It is almost an automatic response for the human mind, presented with time-series data such as controller strip charts, to seek features in those data, mentally label them as “events,” and seek correlations in time against other timelines. However, the human mind is not only highly capable, it is all too often fallible. It will favor connections with short time lags and events of the same shape, size, and duration, paying little attention to the influence on shape of variable scaling. It will also tend to associate variables for which it has a preconceived notion that relationships exist while failing to assess the statistical validity of the labeling process. The mind’s eye can be persuaded easily by superposition and purposeful or even spurious alignment of individual tags’ time traces. Such visual tricks help to find supporting evidence for a pattern. The real challenge is development of an automated, comprehensive, dispassionate, independent, statistically valid process.
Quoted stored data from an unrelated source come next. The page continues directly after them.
Lemma G_sqrt S : S 0%N = 1 -> (forall k, psmul S S k = radicand k) ->
  forall k, G k = (2%:R * s)^-1 * ((k == 0%N)%:R - s * (u + v) * (k == 1%N)%:R - S k).
Proof.
move=> S0 SS k.
have -> : S k = sqrt_radicand k.
  apply: (ps_sqrt_unique two_neq0 S0) => [|i]; last by rewrite SS sqr_sqrt_radicand.
  by rewrite /sqrt_radicand /psquad /psXn /= G0; ring.
by rewrite /sqrt_radicand /psquad /psXn; field; rewrite s_neq0 two_neq0.
Qed.

Lemma G_rec j :
  j.+3%:R * G j.+3 = (2 * j + 3)%:R * (s * (u + v)) * G j.+2
                     - j%:R * (s ^+ 2 * (u - v) ^+ 2) * G j.+1.
Proof.
have dP : psderiv radicand =1
    psquad (- (2%:R * s * (u + v))) ((s ^+ 2 * (u - v) ^+ 2) *+ 2) 0.
  by move=> i; rewrite -(psderiv_quad 1) /psderiv radicand_quad.
have := psmul_sqr_deriv j.+2 sqr_sqrt_radicand.
rewrite (eq_psmul _ radicand_quad (frefl _)) (eq_psmul _ (frefl _) dP).
rewrite [psmul sqrt_radicand _ _]psmulC !psmul_quadl.
rewrite /psshift /psderiv /sqrt_radicand /psquad /psXn /=.
(* the two sides of [2 P T' = P' T] differ by [-4 s] times the recurrence *)
case: j => [|j] /=; rewrite ?G1 => /eqP; rewrite -subr_eq0 => /eqP e;
  apply/eqP; rewrite -subr_eq0; apply/eqP;
  rewrite -[RHS](mulr0 (- (4%:R * s))^-1) -[in RHS]e;
  by field; rewrite oppr_eq0 mulf_neq0 ?s_neq0 ?(natrS_neq0 charR0 3).
Qed.

Lemma G_narayana n : G n.+1 = s ^+ n * narayana_form u v n.
Proof.
suff G_succ2 : G n.+1 = s ^+ n * narayana_form u v n /\
    G n.+2 = s ^+ n.+1 * narayana_form u v n.+1 by case: G_succ2.
elim: n => [|n [IH1 IH2]].
  split; first by rewrite G1 /narayana_form big_geq ?mulr0.
  rewrite G_quadratic psmulE !big_nat_recl // big_geq // G0 G1 /narayana_form.
  by rewrite big_nat1 /narayana /= bin1 bin0 G1 invr1 addnK; ring.
split; first exact: IH2.
apply: (mulfI (natrS_neq0 charR0 n.+2)).
rewrite G_rec IH1 IH2 -[n.+3]addn3 [RHS]mulrCA (narayana_form_rec charR0).
by rewrite !exprS; ring.
Qed.

End OnePointFunction.
(* Let $A$ and $\hat A$ be real $n\times n$ matrices, both in ordered real Schur form, and let $U$ be a real orthogonal matrix with $\hat AU=UA$. Let $m$ be the number of distinct complex conjugate pairs of non-real eigenvalues plus the number of distinct real eigenvalues of $A$. Partition $A$, $\hat A$ and $U$ conformally into $m\times m$ block form, where each diagonal block index corresponds to the maximal set of consecutive diagonal Schur blocks sharing the same eigenvalue(s). Then $U=U_1\oplus U_2\oplus\cdots\oplus U_m$ with each $U_i$ orthogonal.
   Context: A real matrix $A$ is in real Schur form if it is block upper triangular with diagonal blocks $Z_1,\dots,Z_M$ (in this order), where $Z_1,\dots,Z_\ell$ are $2\times 2$ real blocks each having a pair of non-real complex conjugate eigenvalues and $Z_{\ell+1},\dots,Z_M$ are $1\times1$ real blocks ($M=n-\ell$). Writing $\lambda^{(k)}$ for an eigenvalue of $Z_k$, $A$ is in ordered real Schur form if (1) $|\lambda^{(i)}|\le|\lambda^{(j)}|$ whenever $i<j\le\ell$ or $\ell<i<j\le M$, and (2) if in such a case $|\lambda^{(i)}|=|\lambda^{(j)}|$, then $\operatorname{Re}\lambda^{(j)}\le\operatorname{Re}\lambda^{(i)}$. (Under this ordering, diagonal blocks with equal eigenvalues are consecutive.) *)

From HB Require Import structures.
From mathcomp Require Import all_boot all_order all_algebra.
From mathcomp Require Import complex.
From mathcomp Require Import boolp.
Set Implicit Arguments. Unset Strict Implicit. Unset Printing Implicit Defensive.
Import Order.TTheory GRing.Theory Num.Theory.

Section Schur.
Variable R : rcfType.
Unset Implicit Arguments.
Theorem lemma9 (R : realType) (d N : nat) (phi : 'I_N -> 'cV[R]_d)
  (thstar : 'cV[R]_d) (lam : R)
  (hphi : exists i, phi i != 0)
  (hlam_pos : 0 < lam)
  (hlam_eig : eigenvalue (gram phi) lam)
  (hlam_min : forall a : R, 0 < a -> eigenvalue (gram phi) a -> lam <= a) :
  forall th : 'cV[R]_d,
    norm2 (gradv (lossL phi thstar) th) >=
      8 * minpi phi th * Num.min (minpi phi th) (minpi phi thstar)
        * Num.sqrt lam
        * Num.sqrt (N%:R^-1 * \sum_(i < N) (sigpi phi th i - sigpi phi thstar i) ^+ 2).
Proof.
move=> th; have [i0 _] := hphi.
have Ni_gt0 : 0 < (N%:R : R)^-1 by rewrite invr_gt0 ltr0n (leq_ltn_trans _ (ltn_ord i0)).
have u_ge0 := minpi_ge0 phi th.
have m_ge0 : 0 <= Num.min (minpi phi th) (minpi phi thstar) by rewrite le_min u_ge0 minpi_ge0.
have m_le : Num.min (minpi phi th) (minpi phi thstar) <= 1/4.
  by rewrite ge_min (le_trans (minpi_le phi th i0)) ?mulr_subr_le_quarter.
have [mA_le_T E_le_T] := secant_sum_bounds phi thstar th.
have := gram_range_dot_sqr_le hlam_pos hlam_min (gradv_lossL_sub_gram phi thstar th) (th - thstar).
rewrite gram_dot_sqrE norm2E => gap.
have E_ge0 : 0 <= \sum_i (sigpi phi th i - sigpi phi thstar i) ^+ 2.
  by apply: sumr_ge0 => i _; exact: sqr_ge0.
apply: (sqrt_lower_bound_arith (ltW Ni_gt0) (ltW hlam_pos) u_ge0 m_ge0 m_le E_ge0).
exact: sqr_lower_bound_arith Ni_gt0 hlam_pos u_ge0 m_ge0 E_ge0 (dotvv_ge0 _) mA_le_T E_le_T
  (gradv_lossL_dot_ge phi thstar th) gap.
Qed.
(* |w| is subinvariant with the same mass as w, hence invariant; then |w| - w is a nonnegative
   invariant vector, which irreducibility forces to be 0 or everywhere positive. *)
Lemma stochastic_left_eigvec_gt0 (w : T -> R) : (forall j, \sum_k A j k = 1) ->
  (forall k, w k = \sum_j w j * A j k) -> 0 < \sum_j w j -> forall k, 0 < w k.
Proof.
move=> A1 wA w_sum.
have absw_sub k : `|w k| <= \sum_j `|w j| * A j k.
  rewrite {1}wA; apply: le_trans (ler_norm_sum _ _ _) _.
  by apply: ler_sum => j _; rewrite normrM (ger0_norm (A_ge0 j k)).
have absw_inv k : `|w k| = \sum_j `|w j| * A j k.
  have total : \sum_k (\sum_j `|w j| * A j k - `|w k|) = 0.
    rewrite sumrB exchange_big /= (eq_bigr (fun j => `|w j|)) ?subrr // => j _.
    by rewrite -mulr_sumr A1 mulr1.
  apply/eqP; rewrite eq_sym -subr_eq0; apply/eqP; move/eqP: total.
  rewrite psumr_eq0 => [/allP/(_ k (mem_index_enum _))/eqP //|j _].
  by rewrite subr_ge0 absw_sub.
have w_nonneg k : 0 <= w k.
  have neg_part_inv j : `|w j| - w j = \sum_l (`|w l| - w l) * A l j.
    by rewrite absw_inv [w j]wA -sumrB; apply: eq_bigr => l _; rewrite mulrBl.
  have neg_part_ge0 j : 0 <= `|w j| - w j by rewrite subr_ge0 ler_norm.
  rewrite leNgt; apply/negP => wk_lt0.
  have wk_pos : 0 < `|w k| - w k by rewrite ltr0_norm //; lra.
  have w_lt0 j : w j < 0.
    have := invariant_nonneg_gt0 neg_part_ge0 neg_part_inv (ex_intro _ k wk_pos) j.
    by rewrite subr_gt0; case: (ltP (w j) 0) => // wj; rewrite ger0_norm // ltxx.
  by move: w_sum; rewrite ltNge sumr_le0 // => j _; rewrite ltW.
apply: invariant_nonneg_gt0 w_nonneg wA _; apply/not_existsP => none.
move: w_sum; rewrite ltNge sumr_le0 // => j _.
by rewrite leNgt; apply/negP/none.
Qed.

End StochasticEigenvector.

Section DerivativeAtZero.
Context {R : realType}.

Definition has_deriv0 (phi : R -> R) (D : R) : Prop :=
  forall e : R, 0 < e -> exists2 d : R, 0 < d &
    forall h, `|h| < d -> `|phi h - phi 0 - h * D| <= e * `|h|.

Lemma has_deriv0_is_derive (phi : R^o -> R^o) (D : R) :
  has_deriv0 phi D -> is_derive (0 : R^o) (1 : R^o) phi D.
Proof.
move=> dphi.
have lim_quot : (fun h : R^o => h^-1 *: ((phi \o shift 0) (h *: (1 : R^o)) - phi 0))
    @ (0 : R^o)^' --> (D : R^o).
  apply/cvgrPdist_le => e e0; have [d d0 Hd] := dphi e e0.
  exists d => //= h; rewrite /ball_ /= sub0r normrN => hd h0.
  rewrite addr0 /GRing.scale /= mulr1.
  have -> : D - h^-1 * (phi h - phi 0) = h^-1 * (h * D - (phi h - phi 0)) by field.
  rewrite normrM normfV ler_pdivrMl ?normr_gt0 // distrC (mulrC `|h|).
  exact: Hd.
by apply: DeriveDef; [apply/cvg_ex; exists D | apply: cvg_lim].
Qed.

Lemma has_deriv0D (phi psi : R -> R) (D E : R) :
  has_deriv0 phi D -> has_deriv0 psi E -> has_deriv0 (fun h => phi h + psi h) (D + E).
Proof.
move=> dphi dpsi e e0; have e2 : 0 < e / 2 by rewrite divr_gt0.
have [d1 d1p H1] := dphi _ e2; have [d2 d2p H2] := dpsi _ e2.
exists (Num.min d1 d2) => [|h]; first by rewrite lt_min d1p.
rewrite lt_min => /andP[/H1 + /H2].
have -> : phi h + psi h - (phi 0 + psi 0) - h * (D + E) =
  (phi h - phi 0 - h * D) + (psi h - psi 0 - h * E) by ring.
move=> h1 h2; apply: le_trans (ler_normD _ _) _; lra.
Qed.

Lemma has_deriv0_sum (I : Type) (s : seq I) (phi : I -> R -> R) (D : I -> R) :
  (forall j, has_deriv0 (phi j) (D j)) ->
  has_deriv0 (fun h => \sum_(j <- s) phi j h) (\sum_(j <- s) D j).
Proof.
move=> dphi; elim: s => [|j s IH].
  move=> e e0; exists 1 => // h _.
  by rewrite !big_nil mulr0 !subrr normr0 mulr_ge0 // ltW.
have -> : (fun h => \sum_(k <- j :: s) phi k h) = (fun h => phi j h + \sum_(k <- s) phi k h).
  by apply: funext => h; rewrite big_cons.
by rewrite big_cons; apply: has_deriv0D.
Qed.

Lemma has_deriv0_min (phi : R -> R) (D : R) :
  has_deriv0 phi D -> (forall h, phi 0 <= phi h) -> D = 0.
Proof.
move=> dphi phi_min; apply/eqP; apply: contraT => D0.
have [d d0 Hd] : exists2 d, 0 < d & forall h, `|h| < d ->
    `|phi h - phi 0 - h * D| <= `|D| / 2 * `|h|.
  by apply: dphi; rewrite divr_gt0 ?normr_gt0.
have d20 : 0 < d / 2 by rewrite divr_gt0.
have /Hd hr : `|d / 2| < d by rewrite gtr0_norm //; lra.
have /Hd hl : `|- (d / 2)| < d by rewrite normrN gtr0_norm //; lra.
move: hr hl (phi_min (d / 2)) (phi_min (- (d / 2))).
rewrite normrN (gtr0_norm d20) !ler_norml => /andP[r1 r2] /andP[l1 l2] m1 m2.
have [Dn|Dp] : D < 0 \/ 0 < D by move: D0; rewrite neq_lt => /orP.
  by rewrite ltr0_norm // in r1 r2 l1 l2; nra.
by rewrite gtr0_norm // in r1 r2 l1 l2; nra.
Qed.

End DerivativeAtZero.

Section PartialDerivatives.
Context {R : realType} {T : finType}.
Implicit Types (F : (T -> R) -> R) (p : T) (x y z : T -> R).

Lemma sqnorm_ge0 x : 0 <= sqnorm x.
Proof. by apply: sumr_ge0 => p _; apply: sqr_ge0. Qed.

Definition upd z p (c : R) : T -> R := fun q => z q + (if q == p then c else 0).

Lemma pline_upd F p z c : pline F p (upd z p c) = (fun h => pline F p z (h + c)).
Proof.
apply: funext => h; rewrite /pline /upd; congr F; apply: funext => q.
by case: (q == p); rewrite ?addr0 // [h + c]addrC addrA.
Qed.

Lemma pline0 F p z : pline F p z 0 = F z.
Proof. by rewrite /pline; congr F; apply: funext => q; rewrite if_same addr0. Qed.

Lemma pline_is_derive {F p} z (t : R) : (forall y, has_partial F p y) ->
  is_derive t 1 (pline F p z : R^o -> R^o) (partial F p (upd z p t)).
Proof.
move=> hp; have := hp (upd z p t).
rewrite /has_partial /partial derive1E pline_upd /derivable /derive.
have -> : (fun h : R^o => h^-1 *: (((fun h0 : R^o => pline F p z (h0 + t)) \o shift 0) h%:A
                                  - pline F p z (0 + t)))
  = (fun h : R^o => h^-1 *: ((pline F p z \o shift t) h%:A - pline F p z t)).
  by apply: funext => h; rewrite /= addr0 add0r.
by move=> ex; apply: DeriveDef.
Qed.

Lemma partial_mvt {F p} z (h : R) : (forall y, has_partial F p y) ->
  exists2 c : R, `|c| <= `|h| & F (upd z p h) - F z = h * partial F p (upd z p c).
Proof.
move=> hp; have dF t := pline_is_derive z t hp.
have cF a b : {within `[a, b], continuous (pline F p z)}.
  by apply: derivable_within_continuous => t _; have [] := dF t.
rewrite -[F z](pline0 F p z); change (F (upd z p h)) with (pline F p z h).
have [hn|hp'|->] := ltgtP h 0.
- have [c] := MVT hn (fun t _ => dF t) (cF h 0); rewrite in_itv /= => /andP[c1 c2] Hc.
  exists c; last by lra.
  by rewrite (ltr0_norm hn) ltr0_norm; lra.
- have [c] := MVT hp' (fun t _ => dF t) (cF 0 h); rewrite in_itv /= => /andP[c1 c2] Hc.
  exists c; last by lra.
  by rewrite (gtr0_norm hp') gtr0_norm; lra.
- by exists 0; rewrite ?normr0 // mul0r subrr.
Qed.
Section PathAttachment.
Variables (S C C' : {set T}) (s : seq T) (x0 : T).
Hypotheses (S_neq0 : S != set0) (S_cut : no_complete_cutset S).
Hypotheses (C_clique : clique_in e S C) (C'_clique : clique_in e S C').
Hypotheses (C_C'_disj : [disjoint C & C']) (s_path : chordless_path e s).
Hypothesis s_S_disj : [disjoint [set x in s] & S].
Hypothesis s_attach : forall p x, p \in s -> x \in S ->
  e p x = ((p == head p s) && (x \in C)) || ((p == last p s) && (x \in C')).

Local Notation n := (size s).
Let p m := nth x0 s m.
Let X K := (S :|: [set x in s]) :\: K.

Let C_sub : {subset C <= S}. Proof. by case/and3P: C_clique => /subsetP. Qed.
Let C'_sub : {subset C' <= S}. Proof. by case/and3P: C'_clique => /subsetP. Qed.

Let s_uniq : uniq s. Proof. by case: s_path. Qed.
Let n_gt0 : 0 < n. Proof. by case: s_path => _ /ltnW. Qed.

Let path_mem m : m < n -> p m \in s.
Proof. exact: mem_nth. Qed.

Let path_notin m : m < n -> p m \in S = false.
Proof. by move=> mn; rewrite (disjointFr s_S_disj) // inE path_mem. Qed.

Let path_adj m1 m2 : m1 < n -> m2 < n -> e (p m1) (p m2) = (m2 == m1.+1) || (m1 == m2.+1).
Proof. by case: s_path => _ _ adj m1n m2n; rewrite adj ?path_mem // !index_uniq. Qed.

Let path_attach m x : m < n -> x \in S ->
  e (p m) x = ((m == 0) && (x \in C)) || ((m == n.-1) && (x \in C')).
Proof.
move=> mn xS; rewrite s_attach ?path_mem // -nth0 -nth_last.
by rewrite !(set_nth_default x0) ?prednK // !nth_uniq ?prednK.
Qed.

Let complete_path_gap (K : {set T}) m1 m2 : complete_set e K -> m1.+1 < m2 < n ->
  p m1 \in K -> p m2 \notin K.
Proof.
move=> cK /andP[m12 m2n] m1K; apply/negP => m2K.
have m1n : m1 < n := ltn_trans (ltnW m12) m2n.
have : e (p m1) (p m2) by rewrite (complete_adj cK) // nth_uniq // ltn_eqF // ltnW.
by rewrite path_adj // (gtn_eqF m12) (@ltn_eqF m1 m2.+1) // ltnW // ltnW.
Qed.

Let complete_attach (K : {set T}) m y : complete_set e K -> m < n -> y \in S ->
  p m \in K -> y \in K -> ((m == 0) && (y \in C)) || ((m == n.-1) && (y \in C')).
Proof.
move=> cK mn yS mK yK; rewrite -path_attach // (complete_adj cK) //.
by apply: contraFneq (path_notin mn) => ->.
Qed.

Let route_back (K : {set T}) i c : i < n -> c \in C -> c \notin K ->
  (forall m, m <= i -> p m \notin K) -> connect (induced_rel e (X K)) c (p i).
Proof.
move=> iN cC cK before; have cS := C_sub cC.
apply: (connect_walk (f := fun m => if m is m'.+1 then p m' else c) (a := 0) (b := i.+1))
  => // [[|m]|[|m]] /= hm.
- by rewrite e_sym path_attach ?eqxx ?cC.
- have m1n : m.+1 < n := leq_ltn_trans (hm : m < i) iN.
  by rewrite path_adj ?eqxx ?(ltnW m1n).
- by rewrite !inE cS cK.
- by rewrite !inE path_mem ?before ?orbT // (leq_ltn_trans (hm : m <= i) iN).
Qed.
Lemma gradcomp_mul_neq0 {g h k} : Gam_star g h = Some k ->
  exists x y, [/\ gradcomp g x, gradcomp h y & mul x y != 0].
Proof.
have coord_neq0 (T : eqType) (c : Alg K -> T) z : c z != c 0 -> z != 0.
  by apply: contra => /eqP ->.
have e_homog : gradcomp g0 (elt_e K) by apply/gradcomp0E.
have a_homog : gradcomp g0 (elt_a K) by apply/gradcomp0E.
have [vL fLv] := mulmx_neq0 fL_neq0; have [vR fRv] := mulmx_neq0 fR_neq0.
have [wL gLw] := mulmx_neq0 gL_neq0; have [wR gRw] := mulmx_neq0 gR_neq0.
case: (Gam_cases g) => ->; case: (Gam_cases h) => -> // _.
- exists (elt_e K), (elt_e K); split=> //.
  by apply/eqP => /(congr1 (@ce K)); rewrite ceM /= mulr1 => /eqP; rewrite oner_eq0.
- exists (elt_a K), (inV vL); split=> //; first by exists vL.
  by apply: (coord_neq0 _ (@cV' K)); rewrite cV'M /= scale1r scale0r addr0.
- exists (elt_a K), (inV' wL); split=> //; first by exists wL.
  by apply: (coord_neq0 _ (@cV K)); rewrite cVM /= scale1r scale0r addr0.
- exists (inV vR), (elt_a K); split=> //; first by exists vR.
  by apply: (coord_neq0 _ (@cV' K)); rewrite cV'M /= scale1r scale0r add0r.
- exists (inV' wR), (elt_a K); split=> //; first by exists wR.
  by apply: (coord_neq0 _ (@cV K)); rewrite cVM /= scale1r scale0r add0r.
Qed.

Lemma Gam_star_NoneE g h : Gam_star g h = None <->
  (forall x y, gradcomp g x -> gradcomp h y -> mul x y = 0).
Proof.
split=> [/gradcomp_mul_eq0 // | mul0]; case ghk: (Gam_star g h) => [k|] //.
have [x [y [gx hy]]] := gradcomp_mul_neq0 ghk.
by rewrite (mul0 x y gx hy) eqxx.
Qed.

Lemma Amul_grading (charK : (2%:R : K) != 0) :
  is_grading mul (@gradcomp K) Gam_star.
Proof.
split; first exact: gradcomp_subspace.
- move=> x; exists (homog^~ x).
  by split=> [g|]; [exact: gradcomp_homog | exact: sum_homog].
- by move=> c c' cP c'P cc' g; rewrite -(homog_sum cP) cc' (homog_sum c'P).
- exact: Gam_star_NoneE.
- by move=> g h k ghk x y; apply: gradcomp_mul.
Qed.

End Products.

End Grading.

Lemma fnil_sqr0 (K : fieldType) : fnil K *m fnil K = 0.
Proof.
apply/matrixP => i j; rewrite !mxE big_ord_recr big_ord_recr big_ord0 !mxE.
by case: i => [[|[|?]] ?] //; case: j => [[|[|?]] ?] //=;
  rewrite ?mulr0 ?mul0r ?addr0.
Qed.

Lemma fnil_neq0 (K : fieldType) : fnil K != 0.
Proof. by apply/matrix0Pn; exists 0, 1; rewrite mxE oner_eq0. Qed.

Theorem mainTheorem5 (K : fieldType) (charK : (2%:R : K) != 0) :
  let f := fnil K in
  let mul := Amul f f f f in
  (forall x y z : Alg K, mul x (mul y z) = mul (mul x y) z) /\
  (forall x y : Alg K, mul x y = mul y x) /\
  (forall (c : K) (x y : Alg K), Dmap (c *: x + y) = c *: Dmap x + Dmap y) /\
  (forall x y : Alg K, Dmap (mul x y) = - mul (Dmap x) y - mul x (Dmap y)) /\
  (forall (g : Gam) (x : Alg K), gradcomp g x <-> Dmap x = (val g)%:~R *: x) /\
  exists star : Gam -> Gam -> option Gam,
    is_non_semigroup_grading mul (@gradcomp K) star /\
    star g0 g0 = Some g0 /\
    star g0 g1 = Some gm1 /\ star g1 g0 = Some gm1 /\
    star g0 gm1 = Some g1 /\ star gm1 g0 = Some g1 /\
    obind (fun k => star k gm1) (star g0 g0) = Some g1 /\
    obind (star g0) (star g0 gm1) = Some gm1 /\
    g1 != gm1.
Proof.
move=> f mul; have f_neq0 := fnil_neq0 K.
split; first exact/Amul_assoc_sqr0/fnil_sqr0.
split; first exact: Amul_comm.
split; first exact: Dmap_linear.
split; first exact: Dmap_antiderivation.
split; first exact: gradcomp_eigen.
exists Gam_star; split; last by [].
split; first exact: Amul_grading.
exact: (@not_semigroup_grading _ _ _ _ _ _ g0 gm1 g1).
Qed.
If all these objectives can be met, then many types of oilfield evaluations can be carried out using an event-based analysis.

The Event-Based Approach

A Brief Description. For an asset that is being studied, one must first choose the producer and injector wells to include in the study. These will be wells that are sufficiently well instrumented to provide a time-series data stream expected to contain events that are discernible from the unavoidable sources of measurement noise. Next, one will choose a time period to be the focus of the analysis. Recent data are more likely to be most instructive in regard to what is likely to happen next, but better-quality periods of data may exist. Then, one must choose the well attribute that will be used as the variable that will indicate the occurrence of an event. Typically, the choice will be an allocated (or possibly measured) flow, an aspect of production such as water cut or gas/oil ratio, or a direct intensive measurement such as a pressure or even a temperature. Similarly, injector wells will have some (typically) corresponding attribute, such as injection rate or some pressure.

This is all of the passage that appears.